Suppose we have a simple service having as input the current location of =
a user and as output the nearest airport.
I suppose that the web service should describe what "nearest" means. A =
way to describe this, I think, is by using rules.=20
Probably the definition of "nearest" could be:

nearest(current_location, X)
:- airport(X),
airport(Y),
X =\= Y,
(location(X) - current_location)
<=
(location(Y) - current_location).

Could anybody explain me how I can use OWL Rule Language [1] in =
specifying such a rule, taking=20
into account that in OWL Rule Language only variables that occur in the =
antecedent of a rule may occur in the consequent.

The rule you gave doesn't say what you want.  It says that X is the
nearest if there exists a Y (not = X) such that X is closer than Y.
In fact, the existence of such a Y is neither a necessary nor a
sufficient reason for Y to be nearest.

The correct way to say it is

nearest(current_location, X)
:- airport(X),
forall (Y)
(airport(Y)
->
(location(X) - current_location)
<=
(location(Y) - current_location))

(The inequality condition is unnecessary, although harmless).

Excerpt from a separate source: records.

(* Let $G$ be a connected locally finite quasi-transitive graph with exactly $2$ ends. Then $G$ has a periodic proper vertex-coloring with $\chi(G)$ colors.
   Context: A graph is locally finite if every vertex has finite degree. A graph $G$ is quasi-transitive if $V(G)$ has finitely many orbits under the action of its automorphism group $\mathrm{Aut}(G)$. A ray is an infinite one-way path; two rays are equivalent if there are infinitely many disjoint paths between them, and an end is an equivalence class of rays. $\chi(G)$ denotes the chromatic number (minimum number of colors in a proper vertex-coloring). A vertex-coloring of $G$ is periodic if the subgroup of automorphisms of $G$ mapping every vertex to a vertex of the same color acts quasi-transitively on $V(G)$, i.e. $V(G)$ has finitely many orbits under this subgroup. *)

From Stdlib Require Import List Relations.
Import ListNotations.

Section Graphs.
Variable V : Type.
Variable adj : V -> V -> Prop.

Definition simple_graph : Prop :=
  (forall x y, adj x y -> adj y x) /\ (forall x, ~ adj x x).

Definition locally_finite : Prop :=
  forall v, exists l : list V, forall w, adj v w -> In w l.

Definition connected : Prop :=
  forall u v, clos_refl_trans V adj u v.

Definition is_aut (f : V -> V) : Prop :=
  (forall x y, adj x y <-> adj (f x) (f y)) /\
  exists g : V -> V, (forall x, g (f x) = x) /\ (forall x, f (g x) = x).

Definition finitely_many_orbits (S : (V -> V) -> Prop) : Prop :=
  exists reps : list V, forall v, exists u f, In u reps /\ S f /\ f u = v.

Definition quasi_transitive : Prop := finitely_many_orbits is_aut.

Definition is_ray (r : nat -> V) : Prop :=
  (forall m n, r m = r n -> m = n) /\ (forall n, adj (r n) (r (S n))).

Fixpoint chain (l : list V) : Prop :=
  match l with
  | x :: ((y :: _) as t) => adj x y /\ chain t
  | _ => True
  end.

Definition is_path (p : list V) : Prop := p <> [] /\ NoDup p /\ chain p.

Definition ray_path (r1 r2 : nat -> V) (p : list V) : Prop :=
  forall d : V, is_path p /\
    (exists m, hd d p = r1 m) /\ (exists n, last p d = r2 n).

Definition ray_equiv (r1 r2 : nat -> V) : Prop :=
  exists P : nat -> list V,
    (forall i, ray_path r1 r2 (P i)) /\
    (forall i j v, i <> j -> In v (P i) -> In v (P j) -> False).

Definition has_exactly_two_ends : Prop :=
  exists r1 r2, is_ray r1 /\ is_ray r2 /\ ~ ray_equiv r1 r2 /\
    forall r, is_ray r -> ray_equiv r r1 \/ ray_equiv r r2.

Definition proper_coloring (k : nat) (c : V -> nat) : Prop :=
  (forall v, c v < k) /\ (forall x y, adj x y -> c x <> c y).

Definition chromatic_number (k : nat) : Prop :=
  (exists c, proper_coloring k c) /\
  (forall j c, proper_coloring j c -> k <= j).

Definition color_preserving_aut (c : V -> nat) (f : V -> V) : Prop :=
  is_aut f /\ forall v, c (f v) = c v.

Definition periodic_coloring (c : V -> nat) : Prop :=
  finitely_many_orbits (color_preserving_aut c).

End Graphs.

From Stdlib Require Import List Relations Lia ZArith Classical ClassicalEpsilon.
Import ListNotations.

To eliminate the explicit quantifier, there are two approaches one can
take.  One is to skolemize, replacing Y by a term sk_nst(X):

nearest(current_location, X)
:- airport(X),
(airport(sk_nst(X))
->
(location(X) - current_location)
<=
(location(sk_nst(X)) - current_location))

A theorem prover might use this as follows: To prove that JFK is the
nearest airport, verify that JFK is an airport, then assume that
sk_nst(JFK) is an arbitrary airport, and prove that
(location(sk_nst(JFK)) - current_location)
is > (location(JFK) - current_location)

You probably won't be able to prove this unless you have a list of all
the airports, so that you can infer

sk_nst(JFK) = BDL V sk_nst(JFK) = LAX V sk_nst(JFK) = GTW V ...

Then case analysis and equality substitution would finish the proof
off.

The alternative is to use negation-as-failure, writing the axiom

nearest(current_location, X)
:- airport(X),
(\+ (airport(Y),
(location(X) - current_location)
>
(location(Y) - current_location)))

where \+ is the usual Prolog symbol for negation-as-failure.  This
version says, in essence, if I can't think of an airport Y that is
closer than X to my current location, then X is the nearest airport.

The NAF approach is likely to be much more efficient, much easier to
implement, and much more likely to yield a useful conclusion than the
heavy-duty theorem prover.  I hope the people who deprecate it realize
that the heavy-duty theorem prover is the only alternative.

--
-- Drew McDermott
Yale University CS Dept.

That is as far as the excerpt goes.